This adapted protocol allowed us to sequence SARS-CoV-2 genomes, with high coverage depth and breadth (>70% at >30×) despite low viral concentrations as measured by qRT-PCR. We observed a weak correlation between genome coverage and SARS-CoV-2 viral load, as previously reported by similar studies using ONT sequencing (Izquierdo-Lara et al., 2021; Lin et al., 2021). Of note, the application of the adapted method on stored samples to perform retrospective studies shed light on the adverse impact of freezing wastewater samples on the quality of sequencing data. Indeed, enveloped viruses like SARS-CoV-2 are commonly considered to be sensitive to freeze-thaw cycles. Besides, raw wastewater can contain detergent and other chemical products, which might contribute to disrupt the viral particles. Consequently, we recommend the use RNA extracted from fresh wastewater samples to perform SARS-CoV-2 quantification and sequencing according to the methods described in this study.

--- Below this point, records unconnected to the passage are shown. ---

(* Let $A$ be a cardinal algebra in which every two elements have a meet, and let $\mu:A\to[0,\infty]$ be a map preserving countable sums (including $0$) and binary meets. Then $\mu$ preserves countable joins (which exist in $A$).
   Context: A cardinal algebra is a commutative monoid $(A,0,+)$ with a countable sum operation satisfying: (A) $\sum_i a_i=a_0+\sum_i a_{i+1}$; (B) $\sum_i(a_i+b_i)=\sum_ia_i+\sum_ib_i$; (C) if $a+b=\sum_ic_i$ there exist $a_i,b_i$ with $a=\sum a_i$, $b=\sum b_i$, $a_i+b_i=c_i$; (D) if $a_i=b_i+a_{i+1}$ for all $i$, there is $c$ with $a_i=c+\sum_jb_{i+j}$ for all $i$. Meets and joins refer to the canonical order $a\le b\iff\exists c\,(a+c=b)$; $[0,\infty]$ is a cardinal algebra with the usual sums and order. *)

From HB Require Import structures.
From mathcomp Require Import all_boot all_order all_algebra.
From mathcomp Require Import all_classical all_reals.
From mathcomp Require Import ereal sequences.
Set Implicit Arguments. Unset Strict Implicit. Unset Printing Implicit Defensive.

Record cardinal_algebra := CardinalAlgebra {
  ca_car :> Type;
  ca_zero : ca_car;
  ca_add : ca_car -> ca_car -> ca_car;
  ca_sum : (nat -> ca_car) -> ca_car;
  ca_addA : forall a b c, ca_add a (ca_add b c) = ca_add (ca_add a b) c;
  ca_addC : forall a b, ca_add a b = ca_add b a;
  ca_add0 : forall a, ca_add ca_zero a = a;
  ca_axA : forall a : nat -> ca_car,
    ca_sum a = ca_add (a 0%N) (ca_sum (fun i => a i.+1));
  ca_axB : forall a b : nat -> ca_car,
    ca_sum (fun i => ca_add (a i) (b i)) = ca_add (ca_sum a) (ca_sum b);
  ca_axC : forall (a b : ca_car) (c : nat -> ca_car),
    ca_add a b = ca_sum c ->
    exists (a' b' : nat -> ca_car),
      [/\ a = ca_sum a', b = ca_sum b' & forall i, ca_add (a' i) (b' i) = c i];
  ca_axD : forall a b : nat -> ca_car,
    (forall i, a i = ca_add (b i) (a i.+1)) ->
    exists c : ca_car, forall i, a i = ca_add c (ca_sum (fun j => b (i + j)%N))
}.

Section CAOrder.
Variable A : cardinal_algebra.

Definition ca_le (a b : A) : Prop := exists c, ca_add a c = b.

Definition is_meet (m a b : A) : Prop :=
  [/\ ca_le m a, ca_le m b & forall z, ca_le z a -> ca_le z b -> ca_le z m].

Definition is_lub_seq (j : A) (a : nat -> A) : Prop :=
  (forall i, ca_le (a i) j) /\ (forall z, (forall i, ca_le (a i) z) -> ca_le j z).
End CAOrder.

(* If m_n is the meet of b_n and a_(n+1) and a_(n+1) = m_n + d_n, then
   b_(n+1) := b_n + d_n is the join of b_n and a_(n+1); this needs only the
   refinement property (C) and the weak cancellation law
   x + y = x + y' -> x + k = x /\ y + k = y' + k for some k, which follows from
   iterated refinement and (D).  With b_0 = a_0 the joins b_n increase to
   b_0 + sum_n d_n, which is therefore the join of the a_n.  Since mu
   preserves sums and meets, mu(b_(n+1)) = max(mu b_n, mu a_(n+1)) (if
   mu a_(n+1) < mu b_n, then mu d_n = 0), so mu(b_0 + sum_n d_n), the limit
   of the partial sums mu(b_n), is the supremum of the mu(a_n). *)

From HB Require Import structures.
From mathcomp Require Import all_boot all_order all_algebra.
From mathcomp Require Import all_classical all_reals.
From mathcomp Require Import ereal sequences.
Import Order.TTheory GRing.Theory Num.Theory.
Set Implicit Arguments. Unset Strict Implicit. Unset Printing Implicit Defensive.

Lemma dependent_choice (T : Type) (P : T -> Prop) (rel : T -> T -> Prop) t0 :
  P t0 -> (forall t, P t -> exists2 t', P t' & rel t t') ->
  exists f : nat -> T, f 0 = t0 /\ forall n, P (f n) /\ rel (f n) (f n.+1).
Proof.
move=> Pt0 step.
have step' t : exists t', P t -> P t' /\ rel t t'.
  have [/step[t' Pt' tt']|nPt] := pselect (P t); first by exists t'.
  by exists t => /nPt.
have [g hg] := choice step'.
have Pg n : P (iter n g t0) by elim: n => //= n /hg[].
by exists (fun n => iter n g t0); split=> // n; split=> //; have [] := hg _ (Pg n).
Qed.

Section CardinalAlgebra.
Variable A : cardinal_algebra.
Implicit Types (x y z : A) (f g : nat -> A).

HB.instance Definition _ := Monoid.isComLaw.Build A (ca_zero A) (@ca_add A)
  (@ca_addA A) (@ca_addC A) (@ca_add0 A).

Local Notation "x ⊕ y" := (ca_add x y) (at level 50, left associativity).

Definition ca_infty x := ca_sum (fun _ : nat => x).

Lemma ca_addx0 x : x ⊕ ca_zero A = x. Proof. by rewrite ca_addC ca_add0. Qed.

Lemma ca_addCA x y z : x ⊕ (y ⊕ z) = y ⊕ (x ⊕ z).
Proof. by rewrite !ca_addA (ca_addC x). Qed.

Lemma eq_ca_sum f g : f =1 g -> ca_sum f = ca_sum g.
Proof. by move=> /funext->. Qed.

Lemma ca_inftyE x : ca_infty x = x ⊕ ca_infty x.
Proof. exact: ca_axA. Qed.

Lemma ca_infty_addr x : ca_infty x ⊕ x = ca_infty x.
Proof. by rewrite ca_addC -ca_inftyE. Qed.

Lemma ca_inftyD x y : ca_infty (x ⊕ y) = ca_infty x ⊕ ca_infty y.
Proof. exact: ca_axB. Qed.

Lemma ca_axD_const x g : (forall n, x = g n ⊕ x) -> exists c, x = c ⊕ ca_sum g.
Proof. by move=> /ca_axD[c /(_ 0)]; exists c. Qed.

Lemma ca_axD_infty x y : x = y ⊕ x -> exists c, x = c ⊕ ca_infty y.
Proof. by move=> xE; apply: ca_axD_const => _. Qed.

Lemma ca_sum0 : ca_sum (fun _ => ca_zero A) = ca_zero A.
Proof.
have [c cE] := ca_axD_infty (esym (ca_add0 (ca_zero A))).
have idem : ca_infty (ca_zero A) ⊕ ca_infty (ca_zero A) = ca_infty (ca_zero A).
  by rewrite -ca_inftyD ca_add0.
change (ca_infty (ca_zero A) = ca_zero A); set z := ca_infty _ in cE idem *.
by rewrite -[LHS]ca_addx0 {1}cE ca_addCA idem -cE.
Qed.

Lemma ca_le_refl x : ca_le x x. Proof. by exists (ca_zero A); rewrite ca_addx0. Qed.

Lemma ca_le_trans y x z : ca_le x y -> ca_le y z -> ca_le x z.
Proof. by move=> [c <-] [c' <-]; exists (c ⊕ c'); rewrite ca_addA. Qed.

Lemma ca_le_addr x y : ca_le x (x ⊕ y). Proof. by exists y. Qed.

Lemma ca_le_addl x y : ca_le x (y ⊕ x). Proof. by exists y; rewrite ca_addC. Qed.

Lemma ca_le_anti x y : ca_le x y -> ca_le y x -> x = y.
Proof.
move=> [e xe] [f yf].
have /ca_axD_infty[c xE] : x = (e ⊕ f) ⊕ x by rewrite ca_addC ca_addA xe yf.
rewrite -xe xE ca_inftyD -!ca_addA; congr (c ⊕ _).
by rewrite (ca_addC (ca_infty f)) ca_addA ca_infty_addr.
Qed.

Lemma ca_add_eq0 x y : x ⊕ y = ca_zero A -> x = ca_zero A.
Proof. by move=> xy0; apply: ca_le_anti; [exists y | exists x; rewrite ca_add0]. Qed.

Lemma ca_infty_idem x : ca_infty x ⊕ ca_infty x = ca_infty x.
Proof.
apply: ca_le_anti; last exact: ca_le_addr.
have /ca_axD_infty[c cE] : ca_infty x = (x ⊕ x) ⊕ ca_infty x.
  by rewrite -ca_addA -!ca_inftyE.
by exists c; rewrite ca_addC -ca_inftyD -cE.
Qed.

Lemma ca_absorb_infty x y : x ⊕ y = x -> x ⊕ ca_infty y = x.
Proof.
rewrite ca_addC => /esym/ca_axD_infty[c cE].
by rewrite {1}cE -ca_addA ca_infty_idem -cE.
Qed.

Lemma ca_absorb_sum x g : (forall n, x ⊕ g n = x) -> x ⊕ ca_sum g = x.
Proof.
move=> xg; have /ca_axD_const[c cE] : forall n, x = ca_infty (g n) ⊕ x.
  by move=> n; rewrite ca_addC ca_absorb_infty.
rewrite {1}cE -ca_addA -ca_axB [in RHS]cE; congr (c ⊕ _).
by apply: eq_ca_sum => n; rewrite ca_infty_addr.
Qed.

Lemma ca_le_sum g n : ca_le (g n) (ca_sum g).
Proof.
elim: n g => [|n IH] g; rewrite (ca_axA g); first exact: ca_le_addr.
exact: ca_le_trans (IH _) (ca_le_addl _ _).
Qed.

Lemma ca_absorb_family x (k : nat -> A) : (forall n, x ⊕ k n = x) ->
  exists2 y, x ⊕ y = x & forall n, y ⊕ k n = y.
Proof.
move=> xk; exists (ca_sum (fun n => ca_infty (k n))).
  by apply: ca_absorb_sum => n; apply: ca_absorb_infty.
move=> n; have [r <-] := ca_le_sum (fun n => ca_infty (k n)) n.
by rewrite -ca_addA (ca_addC r) ca_addA ca_infty_addr.
Qed.

Lemma ca_refine2 x y x' y' : x ⊕ y = x' ⊕ y' ->
  exists p q u v, [/\ x = p ⊕ q, y = u ⊕ v, x' = p ⊕ u & y' = q ⊕ v].
Proof.
move=> e.
pose c i := match i with 0 => x' | 1 => y' | _ => ca_zero A end.
have /ca_axC[a [b [xE yE abc]]] : x ⊕ y = ca_sum c.
  by rewrite e (ca_axA c) (ca_axA (fun i => c i.+1)) /c ca_sum0 ca_addx0.
have tail0 : ca_sum (fun i => a i.+2) ⊕ ca_sum (fun i => b i.+2) = ca_zero A.
  by rewrite -ca_axB -ca_sum0; apply: eq_ca_sum => i; rewrite abc.
have [a0 b0] := (ca_add_eq0 tail0, ca_add_eq0 (etrans (ca_addC _ _) tail0)).
exists (a 0), (a 1), (b 0), (b 1); split; last 2 first.
- exact: (esym (abc 0)).
- exact: (esym (abc 1)).
- by rewrite xE (ca_axA a) (ca_axA (fun i => a i.+1)) a0 ca_addx0.
- by rewrite yE (ca_axA b) (ca_axA (fun i => b i.+1)) b0 ca_addx0.
Qed.

Lemma ca_refine_iter x y y' : x ⊕ y = x ⊕ y' ->
  exists p s r g : nat -> A, [/\ p 0 = x, s 0 = y, r 0 = y' &
    forall n, [/\ p n = s n.+1 ⊕ p n.+1, p n = r n.+1 ⊕ p n.+1,
                  s n = g n ⊕ s n.+1 & r n = g n ⊕ r n.+1]].
Proof.
move=> e.
pose inv (t : A * A * A) := t.1.1 ⊕ t.1.2 = t.1.1 ⊕ t.2.
pose next (t t' : A * A * A) := exists d, [/\ t.1.1 = t'.1.2 ⊕ t'.1.1,
  t.1.1 = t'.2 ⊕ t'.1.1, t.1.2 = d ⊕ t'.1.2 & t.2 = d ⊕ t'.2].
have step t : inv t -> exists2 t', inv t' & next t t'.
  move: t => [[p s] r]; rewrite /inv /= => /ca_refine2[p' [r' [s' [d]]]].
  move=> [pE sE pE' rE]; exists (p', s', r'); first by rewrite /inv /= -pE' -pE.
  by exists d; split; rewrite /= ca_addC.
have [f [f0 hf]] := dependent_choice (e : inv (x, y, y')) step.
have [g hg] := choice (fun n => (hf n).2).
exists (fun n => (f n).1.1), (fun n => (f n).1.2), (fun n => (f n).2), g.
by rewrite f0.
Qed.

Lemma ca_absorb_decreasing (p s : nat -> A) c :
  (forall n, p n = s n ⊕ p n.+1) -> (forall n, ca_le c (s n)) ->
  p 0 ⊕ ca_infty c = p 0.
Proof.
move=> /ca_axD[b /(_ 0) p0] /choice[t ct].
apply: ca_absorb_infty; rewrite p0.
have -> : ca_sum (fun j => s (0 + j)) = ca_infty c ⊕ ca_sum t.
  by rewrite -ca_axB; apply: eq_ca_sum => j; rewrite ct.
rewrite -!ca_addA; congr (b ⊕ _).
by rewrite (ca_addC (ca_sum t)) ca_addA ca_infty_addr.
Qed.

To efficiently monitor SARS-CoV-2 variants, methods should remain fast and affordable. Thus, we favored ONT sequencing, which is known for its lower entry and per base sequencing cost (compared to second generation sequencing technologies) and its ability to generate real-time data (Chang et al., 2020). Indeed, the method we describe here can provide information within 3 days of sewage collection, including the time for sample preparation, PCR, sequencing, data export and SNV analysis, for a cost of 55 € per sample (from RNA to sequence, using flow cells twice). This is higher than the previously reported 10£ (around 12 €) per clinical sample for ARTIC V3 (Tyson et al., 2020) but is still cost-efficient for epidemiological monitoring since sequencing SARS-CoV-2 genome from a WW sample gives information at a population level compared to an individual level for a clinical sample. Both time and price could be further reduced by bulk ordering of flow cells and reagents, additional adaptations of the library preparation, higher multiplexing and automated data analysis. Furthermore, the MinION sequencer is a portable device allowing on-field sequencing in WWTP on small series of samples, which may also contribute to reduce the time-to-result in some settings. However, one important limitation of ONT is its higher error rate when compared to second generation sequencing technologies (Chang et al., 2020). To ensure reliable identification of VOC, we applied stringent thresholds combining the per-base and per-read sequencing quality, breadth and depth of coverage (≥70% of genome at > 30 sequencing depth), SNV frequency (>5%) as well as, for indels, homopolymer length (<4). The absence of VOC signature mutations detection in oldest samples (October to early November 2020) confirms the validity of these thresholds. Of note, use of new flow cells with reduced error rate could allow reaching a deeper and broader coverage while reducing the thresholds to detect rare variants (R10.4, Oxford Nanopore Technologies, Oxford, United Kingdom).

Despite a satisfying production yield for a vast majority of the ARTIC amplicons, some regions were systematically absent or very poorly covered in our hands (Figure 4A). These amplicon dropouts are not news to the ARTIC Network, which already produced some work in order to fix this issue giving rise to the V3 primer scheme (Tyson et al., 2020). However, a study still reported #74 amplicon dropout with the V3 primer scheme, as in our study, and fixed the problem by adjusting concentration of its primer set (Pater et al., 2021). Other panels generating longer amplicons, designed for devices compatible with long-read sequencing such as the MinION, could also be considered. Yet, it is important to keep in mind that most studies testing these approaches were performed on clinical samples and may not reflect what occurs with wastewater samples in which targeted genomes can be fragmented and potentially not equally preserved. Indeed, we observed here dropouts for several amplicons aside #74 that may represent WW-specific problematic regions of the viral genome, because of lower stability or higher sensitivity to PCR inhibitors.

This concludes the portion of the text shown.